Southern Sudan Beverages Going up
- Company type: Private Subsidiary
- Industry: Brewing, Beverage
- Founded: 2009
- Headquarters: Juba, South Sudan
- Key people: Ashir Mori- CM
- Products: Beer, Wines and Spirits
- Parent: SABMiller
- Website: SSBL on SABMiller

= Southern Sudan Beverages Limited =

Former brewery in South Sudan

Southern Sudan Beverages Limited was a brewery based in South Sudan and previously owned by ABInBev. The company closed operations in 2016.

==History==
SABMiller has an investment in the company while it was within the jurisdiction of Sudan. It built a ~£32 million factory in Juba, making it the first manufacturing facility in the country and came despite competition from imported beers from Kenya and Uganda.
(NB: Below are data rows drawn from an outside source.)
(* Let $X$ be a Banach space of analytic functions on $\mathbb{U}$ with $H_\infty\hookrightarrow X\hookrightarrow H_2$, and let $E$ be an order-continuous Banach sequence lattice with $\ell_2\hookrightarrow E\hookrightarrow\ell_\infty$. Let $\lambda=\{\lambda_n\}$ be such that the multiplier operator $M_\lambda\colon X\to E$, $M_\lambda f=\{\lambda_n\hat f(n)\}$, is a bounded operator. Then $M_\lambda\colon X\to E$ is compact if and only if \[\limsup_{n\to\infty}|\lambda_n|=0.\]
   Context: $\mathbb{U}$ is the open unit disk, $H_p$ the classical Hardy spaces on $\mathbb{U}$, $f=\sum_{n\ge0}\hat f(n)z^n$ the Taylor expansion; ''$\hookrightarrow$'' denotes continuous inclusion. A Banach sequence lattice on $\mathbb{Z}_+$ is a Banach space $E$ of sequences with $|y_n|\le|x_n|$ for all $n$, $x\in E$ implying $y\in E$ and $\|y\|_E\le\|x\|_E$; it is order-continuous if every nonnegative nonincreasing sequence in $E$ converging to $0$ pointwise converges to $0$ in norm. *)

From Stdlib Require Import Reals.
From Coquelicot Require Import Coquelicot.
Open Scope R_scope.

(* An analytic function on the unit disk U is identified with its Taylor
   coefficient sequence a = (hat f(n))_n; f(z) = sum_n a n z^n. *)
Definition cseq := nat -> C.

Definition seq_add (a b : cseq) : cseq := fun n => Cplus (a n) (b n).
Definition seq_sub (a b : cseq) : cseq := fun n => Cminus (a n) (b n).
Definition seq_scal (c : C) (a : cseq) : cseq := fun n => Cmult c (a n).
Definition seq_zero : cseq := fun _ => RtoC 0.

(* the power series converges at every point of the open unit disk,
   i.e. it defines an analytic function on U *)
Definition analytic_on_disk (a : cseq) : Prop :=
  forall z : C, Cmod z < 1 -> ex_series (fun n => Cmult (a n) (Cpow z n)).

Definition sup_bounded_by (a : cseq) (M : R) : Prop :=
  forall z : C, Cmod z < 1 ->
  forall l : C, is_series (fun n => Cmult (a n) (Cpow z n)) l -> Cmod l <= M.

Definition in_Hinf (a : cseq) : Prop :=
  analytic_on_disk a /\ exists M, sup_bounded_by a M.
The initial plans to start a brewery had begun in 2006 before the launch in 2009. The company's initial challenges included logistics as material to build the first factory needed to be driven into the country from Mombasa, Kenya including two second hand brewery machines from Malta and Bulgaria and a power plant needed to be built, while the only ingredient of beer available was local water from the Nile and the over 250 workers who had mostly never been employed before needed to be trained from scratch.
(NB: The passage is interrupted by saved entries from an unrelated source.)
(* Let $p(x,y)=\sum_{i=1}^s a_i x^{\alpha_i}y^{\beta_i}\not\equiv 0$ be a real polynomial with $a_i\neq 0$, distinct exponent vectors $(\alpha_i,\beta_i)\in(\mathbb{N}\cup\{0\})^2$, and $p(0,0)=0$, and suppose there are $A=(A_1,A_2)\in\mathbb{Z}^2$ and $B\in\mathbb{Z}$ with $A_1\alpha_i+A_2\beta_i=B$ for all $i$, where one of the following holds: (a) $A_1>0$, $A_2<0$; (b) $A_1=0$, $A_2>0$; (c) $A_1>0$, $A_2=0$. In cases (a) and (b) index the terms so that $\alpha_1<\alpha_2<\dots<\alpha_s$; in case (c) index them so that $\beta_1<\beta_2<\dots<\beta_s$. Then $(0,0)$ is a point of local minimum of $p$ if and only if $a_1>0$ and $\alpha_1,\beta_1$ are even nonnegative integers.
   Context: A point of local minimum of $p$ at $(0,0)$ means $p(x,y)\ge p(0,0)$ for all $(x,y)$ in some neighborhood of $(0,0)$. *)

From Stdlib Require Import Reals ZArith Arith.
Open Scope R_scope.

(* p(x,y) = sum_{i < s} a_i x^{alpha_i} y^{beta_i}  (terms indexed 0..s-1;
   the paper's term number k is our index k-1). *)
Fixpoint poly2 (s : nat) (a : nat -> R) (alpha beta : nat -> nat) (x y : R) : R :=
  match s with
  | O => 0
  | S n => poly2 n a alpha beta x y + a n * x ^ (alpha n) * y ^ (beta n)
  end.

Definition local_min_at_origin (f : R -> R -> R) : Prop :=
  exists eps : R, 0 < eps /\
    forall x y : R, Rabs x < eps -> Rabs y < eps -> f 0 0 <= f x y.

(* The linear relation A1 alpha_i + A2 beta_i = B, together with the ordering
   of the terms, forces the first exponent vector to be componentwise below
   all the others, strictly so in total degree.  Hence
   p = x^alpha_1 y^beta_1 q with q(0,0) = a_1 <> 0.  Near the origin q keeps
   the sign of a_1, so p has a local minimum at (0,0) exactly when a_1 > 0
   and the monomial x^alpha_1 y^beta_1 is nonnegative near (0,0), i.e. when
   both exponents are even. *)

From Stdlib Require Import Reals ZArith Arith.
From Stdlib Require Import Lra Lia Psatz.
Open Scope R_scope.

Lemma pow_le_one (u : R) (n : nat) : 0 <= u <= 1 -> u ^ n <= 1.
Proof.
  intros Hu. rewrite <- (pow1 n). apply pow_incr. lra.
Qed.

Lemma pow_succ_le (u : R) (n : nat) : 0 <= u <= 1 -> u ^ S n <= u.
Proof.
  intros Hu. simpl. pose proof (pow_le_one u n Hu). nra.
Qed.

Lemma pow_even_nonneg (x : R) (n : nat) : Nat.Even n -> 0 <= x ^ n.
Proof.
  intros [k ->]. rewrite pow_mult. apply pow_le. nra.
Qed.

Lemma pow_opp_odd (x : R) (n : nat) : Nat.Odd n -> (- x) ^ n = - x ^ n.
Proof.
  intros [k ->]. rewrite !pow_add, !pow_mult.
  replace ((- x) ^ 2) with (x ^ 2) by ring. ring.
Qed.

Lemma even_of_pow_opp_pos (x : R) (n : nat) :
  0 < x -> 0 < (- x) ^ n -> Nat.Even n.
Proof.
  intros Hx Hpos. destruct (Nat.Even_or_Odd n) as [Heven | Hodd]; [exact Heven|].
  rewrite pow_opp_odd in Hpos by exact Hodd.
  pose proof (pow_lt x n Hx). lra.
Qed.

Lemma zero_monomial_eq0 (m k : nat) : (0 < m + k)%nat -> 0 ^ m * 0 ^ k = 0.
Proof.
  intros Hmk. destruct m as [|m].
  - rewrite (pow_i k) by lia. ring.
  - simpl. ring.
Qed.

Lemma Rabs_monomial_le (x y d : R) (m k : nat) :
  d <= 1 -> Rabs x <= d -> Rabs y <= d -> (0 < m + k)%nat ->
  Rabs (x ^ m * y ^ k) <= d.
Proof.
  intros Hd1 Hx Hy Hmk.
  rewrite Rabs_mult, <- !RPow_abs.
  assert (Hx1 : 0 <= Rabs x <= 1) by (split; [apply Rabs_pos | lra]).
  assert (Hy1 : 0 <= Rabs y <= 1) by (split; [apply Rabs_pos | lra]).
  pose proof (pow_le (Rabs x) m (Rabs_pos x)) as Hxm.
  pose proof (pow_le (Rabs y) k (Rabs_pos y)) as Hyk.
  pose proof (pow_le_one _ m Hx1). pose proof (pow_le_one _ k Hy1).
  destruct m as [|m].
  - destruct k as [|k]; [lia|].
    pose proof (pow_succ_le _ k Hy1). simpl (Rabs x ^ 0). lra.
  - pose proof (pow_succ_le _ m Hx1). nra.
Qed.

Lemma Rabs_monomial_sub_origin_le (x y d : R) (m k : nat) :
  0 <= d <= 1 -> Rabs x <= d -> Rabs y <= d ->
  Rabs (x ^ m * y ^ k - 0 ^ m * 0 ^ k) <= d.
Proof.
  intros Hd Hx Hy.
  destruct (Nat.eq_dec (m + k) 0) as [Hmk | Hmk].
  - replace m with 0%nat by lia. replace k with 0%nat by lia. simpl.
    rewrite Rminus_diag, Rabs_R0. lra.
  - rewrite zero_monomial_eq0, Rminus_0_r by lia.
    apply Rabs_monomial_le; lra || lia.
Qed.

Fixpoint sum_abs_coef (n : nat) (a : nat -> R) : R :=
  match n with
  | O => 0
  | S k => sum_abs_coef k a + Rabs (a k)
  end.

Lemma sum_abs_coef_nonneg (n : nat) (a : nat -> R) : 0 <= sum_abs_coef n a.
Proof.
  induction n as [|n IH]; simpl; [lra|].
  pose proof (Rabs_pos (a n)). lra.
Qed.

Lemma Rabs_poly2_sub_origin_le (n : nat) (a : nat -> R) (alpha beta : nat -> nat)
  (x y d : R) :
  0 <= d <= 1 -> Rabs x <= d -> Rabs y <= d ->
  Rabs (poly2 n a alpha beta x y - poly2 n a alpha beta 0 0)
    <= d * sum_abs_coef n a.
Proof.
  intros Hd Hx Hy. induction n as [|n IH]; simpl.
  - rewrite Rminus_diag, Rabs_R0. lra.
  - set (mon := x ^ alpha n * y ^ beta n - 0 ^ alpha n * 0 ^ beta n).
    replace (poly2 n a alpha beta x y + a n * x ^ alpha n * y ^ beta n
             - (poly2 n a alpha beta 0 0 + a n * 0 ^ alpha n * 0 ^ beta n))
      with ((poly2 n a alpha beta x y - poly2 n a alpha beta 0 0) + a n * mon)
      by (unfold mon; ring).
    eapply Rle_trans; [apply Rabs_triang|].
    rewrite Rabs_mult.
    pose proof (Rabs_monomial_sub_origin_le x y d (alpha n) (beta n) Hd Hx Hy)
      as Hmon.
    fold mon in Hmon. pose proof (Rabs_pos (a n)). nra.
Qed.

Definition continuous_at_origin (g : R -> R -> R) : Prop :=
  forall e, 0 < e -> exists d, 0 < d /\
    forall x y, Rabs x < d -> Rabs y < d -> Rabs (g x y - g 0 0) < e.

Lemma poly2_continuous_at_origin (n : nat) (a : nat -> R) (alpha beta : nat -> nat) :
  continuous_at_origin (poly2 n a alpha beta).
Proof.
  intros e He.
  set (c := sum_abs_coef n a).
  assert (Hc : 0 <= c) by apply sum_abs_coef_nonneg.
  set (d := Rmin 1 (e / (c + 1))).
  assert (He' : 0 < e / (c + 1)) by (apply Rdiv_lt_0_compat; lra).
  assert (Hd0 : 0 < d) by (apply Rmin_glb_lt; lra).
  assert (Hd1 : d <= 1) by apply Rmin_l.
  assert (Hdc : d * c < e).
  { assert (d * (c + 1) <= e).
    { apply (Rle_trans _ (e / (c + 1) * (c + 1))).
      - apply Rmult_le_compat_r; [lra | apply Rmin_r].
      - right. field. lra. }
    lra. }
  exists d. split; [exact Hd0|].
  intros x y Hx Hy.
  eapply Rle_lt_trans; [apply Rabs_poly2_sub_origin_le | exact Hdc]; lra.
Qed.

Lemma poly2_factor_monomial (n : nat) (a : nat -> R) (alpha beta : nat -> nat)
  (m k : nat) (x y : R) :
  (forall i, (i < n)%nat -> (m <= alpha i /\ k <= beta i)%nat) ->
  poly2 n a alpha beta x y
  = x ^ m * y ^ k
    * poly2 n a (fun i => alpha i - m)%nat (fun i => beta i - k)%nat x y.
Proof.
  intros Hdiv. induction n as [|n IH]; simpl; [ring|].
  rewrite IH by (intros i Hi; apply Hdiv; lia).
  destruct (Hdiv n ltac:(lia)) as [Ha Hb].
  replace (alpha n) with (m + (alpha n - m))%nat at 1 by lia.
  replace (beta n) with (k + (beta n - k))%nat at 1 by lia.
  rewrite !pow_add. ring.
Qed.

Lemma poly2_origin_first_coef (n : nat) (a : nat -> R) (alpha beta : nat -> nat) :
  (0 < n)%nat -> alpha 0%nat = 0%nat -> beta 0%nat = 0%nat ->
  (forall i, (0 < i < n)%nat -> (0 < alpha i + beta i)%nat) ->
  poly2 n a alpha beta 0 0 = a 0%nat.
Proof.
  intros Hn Ha0 Hb0 Hpos. induction n as [|n IH]; [lia|].
  destruct n as [|n].
  - simpl. rewrite Ha0, Hb0. simpl. ring.
  - change (poly2 (S (S n)) a alpha beta 0 0)
      with (poly2 (S n) a alpha beta 0 0 + a (S n) * 0 ^ alpha (S n) * 0 ^ beta (S n)).
    rewrite IH by (lia || (intros i Hi; apply Hpos; lia)).
    rewrite Rmult_assoc, zero_monomial_eq0 by (apply Hpos; lia). ring.
Qed.

Lemma continuous_at_origin_sign (g : R -> R -> R) :
  continuous_at_origin g -> g 0 0 <> 0 ->
  exists d, 0 < d /\
    forall x y, Rabs x < d -> Rabs y < d -> 0 < g x y * g 0 0.
Proof.
  intros Hg Hg0.
  destruct (Hg (Rabs (g 0 0)) (Rabs_pos_lt _ Hg0)) as [d [Hd Hnear]].
  exists d. split; [exact Hd|].
  intros x y Hx Hy. specialize (Hnear x y Hx Hy).
  unfold Rabs in *. destruct (Rcase_abs (g 0 0)), (Rcase_abs (g x y - g 0 0));
    nra.
Qed.

Lemma local_min_at_origin_monomial_mul (f g : R -> R -> R) (m k : nat) :
  (0 < m + k)%nat -> continuous_at_origin g -> g 0 0 <> 0 ->
  (forall x y, f x y = x ^ m * y ^ k * g x y) ->
  (local_min_at_origin f <-> (0 < g 0 0 /\ Nat.Even m /\ Nat.Even k)).
Proof.
  intros Hmk Hg Hg0 Hf.
  destruct (continuous_at_origin_sign g Hg Hg0) as [d [Hd Hsign]].
  assert (Hf0 : f 0 0 = 0) by (rewrite Hf, zero_monomial_eq0 by exact Hmk; ring).
  unfold local_min_at_origin. rewrite Hf0. split.
  - intros [eps [Heps Hmin]].
    set (t := Rmin eps d / 2).
    assert (Ht : 0 < t /\ t < eps /\ t < d).
    { pose proof (Rmin_l eps d). pose proof (Rmin_r eps d).
      assert (0 < Rmin eps d) by (apply Rmin_glb_lt; lra).
      unfold t. lra. }
    assert (Hbox : forall x y, Rabs x = t -> Rabs y = t ->
                     0 <= x ^ m * y ^ k * g x y /\ 0 < g x y * g 0 0).
    { intros x y Hx Hy. rewrite <- Hf.
      split; [apply Hmin | apply Hsign]; lra. }
    assert (Habs_t : Rabs t = t) by (apply Rabs_pos_eq; lra).
    assert (Habs_opp_t : Rabs (- t) = t) by (rewrite Rabs_Ropp; exact Habs_t).
    assert (Hpos_g0 : 0 < g 0 0).
    { destruct (Hbox t t Habs_t Habs_t) as [Hft Hgt].
      assert (0 < t ^ m * t ^ k) by (apply Rmult_lt_0_compat; apply pow_lt; lra).
      nra. }
    assert (Hpos_mon : forall x y, Rabs x = t -> Rabs y = t -> 0 < x ^ m * y ^ k).
    { intros x y Hx Hy. destruct (Hbox x y Hx Hy) as [Hfxy Hgxy].
      assert (x ^ m * y ^ k <> 0).
      { apply Rmult_integral_contrapositive; split; apply pow_nonzero;
          intros ->; rewrite Rabs_R0 in *; lra. }
      nra. }
    split; [exact Hpos_g0|]. split.
    + apply (even_of_pow_opp_pos t); [lra|].
      pose proof (Hpos_mon (- t) t Habs_opp_t Habs_t).
      pose proof (pow_lt t k ltac:(lra)). nra.
    + apply (even_of_pow_opp_pos t); [lra|].
      pose proof (Hpos_mon t (- t) Habs_t Habs_opp_t).
      pose proof (pow_lt t m ltac:(lra)). nra.
  - intros [Hpos_g0 [Hm Hk]]. exists d. split; [exact Hd|].
    intros x y Hx Hy. rewrite Hf.
    pose proof (Hsign x y Hx Hy).
    pose proof (pow_even_nonneg x m Hm). pose proof (pow_even_nonneg y k Hk).
    apply Rmult_le_pos; [apply Rmult_le_pos; assumption | nra].
Qed.

Definition first_monomial_strictly_divides (n : nat) (alpha beta : nat -> nat)
  : Prop :=
  forall i, (0 < i < n)%nat ->
    (alpha 0 <= alpha i /\ beta 0 <= beta i /\
     alpha 0 + beta 0 < alpha i + beta i)%nat.

Lemma poly2_local_min_iff_first_term (n : nat) (a : nat -> R)
  (alpha beta : nat -> nat) :
  (0 < n)%nat -> a 0%nat <> 0 -> first_monomial_strictly_divides n alpha beta ->
  poly2 n a alpha beta 0 0 = 0 ->
  (local_min_at_origin (poly2 n a alpha beta) <->
     (0 < a 0%nat /\ Nat.Even (alpha 0%nat) /\ Nat.Even (beta 0%nat))).
Proof.
  intros Hn Ha0 Hdiv H00.
  set (q := poly2 n a (fun i => alpha i - alpha 0%nat)%nat
                      (fun i => beta i - beta 0%nat)%nat).
  assert (Hfactor : forall x y,
            poly2 n a alpha beta x y = x ^ alpha 0%nat * y ^ beta 0%nat * q x y).
  { intros x y. apply poly2_factor_monomial.
    intros [|i] Hi; [lia|]. destruct (Hdiv (S i)) as [? [? _]]; lia. }
  assert (Hq0 : q 0 0 = a 0%nat).
  { apply poly2_origin_first_coef; [exact Hn | lia | lia |].
    intros i Hi. destruct (Hdiv i Hi) as [? [? ?]]. lia. }
  rewrite <- Hq0.
  apply local_min_at_origin_monomial_mul;
    [| apply poly2_continuous_at_origin | rewrite Hq0; exact Ha0 | exact Hfactor].
  destruct (Nat.eq_dec (alpha 0%nat + beta 0%nat) 0) as [Hzero | Hnz]; [|lia].
  exfalso. apply Ha0.
  rewrite Hfactor in H00.
  replace (alpha 0%nat) with 0%nat in H00 by lia.
  replace (beta 0%nat) with 0%nat in H00 by lia.
  simpl in H00. lra.
Qed.

Lemma first_monomial_strictly_divides_of_weights (s : nat)
  (alpha beta : nat -> nat) (A1 A2 B : Z) :
  (forall i, (i < s)%nat ->
     (A1 * Z.of_nat (alpha i) + A2 * Z.of_nat (beta i))%Z = B) ->
  (((0 < A1)%Z /\ (A2 < 0)%Z) \/ (A1 = 0%Z /\ (0 < A2)%Z)
     \/ ((0 < A1)%Z /\ A2 = 0%Z)) ->
  ((((0 < A1)%Z /\ (A2 < 0)%Z) \/ (A1 = 0%Z /\ (0 < A2)%Z)) ->
     forall i j, (i < j)%nat -> (j < s)%nat -> (alpha i < alpha j)%nat) ->
  (((0 < A1)%Z /\ A2 = 0%Z) ->
     forall i j, (i < j)%nat -> (j < s)%nat -> (beta i < beta j)%nat) ->
  first_monomial_strictly_divides s alpha beta.
Proof.
  intros Hweight Hcase Hsort_alpha Hsort_beta i Hi.
  pose proof (Hweight i ltac:(lia)) as Wi.
  pose proof (Hweight 0%nat ltac:(lia)) as W0.
  destruct Hcase as [[C1 C2] | [[C1 C2] | [C1 C2]]].
  - pose proof (Hsort_alpha (or_introl (conj C1 C2)) 0%nat i ltac:(lia) ltac:(lia)).
    nia.
  - pose proof (Hsort_alpha (or_intror (conj C1 C2)) 0%nat i ltac:(lia) ltac:(lia)).
    subst A1. nia.
  - pose proof (Hsort_beta (conj C1 C2) 0%nat i ltac:(lia) ltac:(lia)).
    subst A2. nia.
Qed.

Theorem mainTheorem4 (s : nat) (a : nat -> R) (alpha beta : nat -> nat)
  (A1 A2 B : Z) :
  (0 < s)%nat ->
  (forall i, (i < s)%nat -> a i <> 0) ->
  (forall i j, (i < s)%nat -> (j < s)%nat -> i <> j ->
     (alpha i, beta i) <> (alpha j, beta j)) ->
  poly2 s a alpha beta 0 0 = 0 ->
  (forall i, (i < s)%nat ->
     (A1 * Z.of_nat (alpha i) + A2 * Z.of_nat (beta i))%Z = B) ->
  (((0 < A1)%Z /\ (A2 < 0)%Z) \/ (A1 = 0%Z /\ (0 < A2)%Z)
     \/ ((0 < A1)%Z /\ A2 = 0%Z)) ->
  ((((0 < A1)%Z /\ (A2 < 0)%Z) \/ (A1 = 0%Z /\ (0 < A2)%Z)) ->
     forall i j, (i < j)%nat -> (j < s)%nat -> (alpha i < alpha j)%nat) ->
  (((0 < A1)%Z /\ A2 = 0%Z) ->
     forall i j, (i < j)%nat -> (j < s)%nat -> (beta i < beta j)%nat) ->
  (local_min_at_origin (poly2 s a alpha beta) <->
     (0 < a 0%nat /\ Nat.Even (alpha 0%nat) /\ Nat.Even (beta 0%nat))).
Proof.
  (* Distinctness of the exponent vectors already follows from the ordering. *)
  intros Hs Ha _ H00 Hweight Hcase Hsort_alpha Hsort_beta.
  apply poly2_local_min_iff_first_term; [exact Hs | apply Ha, Hs | | exact H00].
  exact (first_monomial_strictly_divides_of_weights
           s alpha beta A1 A2 B Hweight Hcase Hsort_alpha Hsort_beta).
Qed.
The malted barley, hops and yeast are imported but there were plans to work with local farmers to start brewing with cassava. The factory has a capacity to produce 180,000hl of clear beer and 60,000hl of carbonated soft drinks annually. The flagship White Bull's colours are yellow, green and white and are served in heavy brown bottles. It is also illegally available in Khartoum, Sudan. Production started in May 2009. Ian Alsworth-Elvey is the inaugural managing director of the company. A new managing director, Carlos Gomes was appointed to take over the business in March 2015.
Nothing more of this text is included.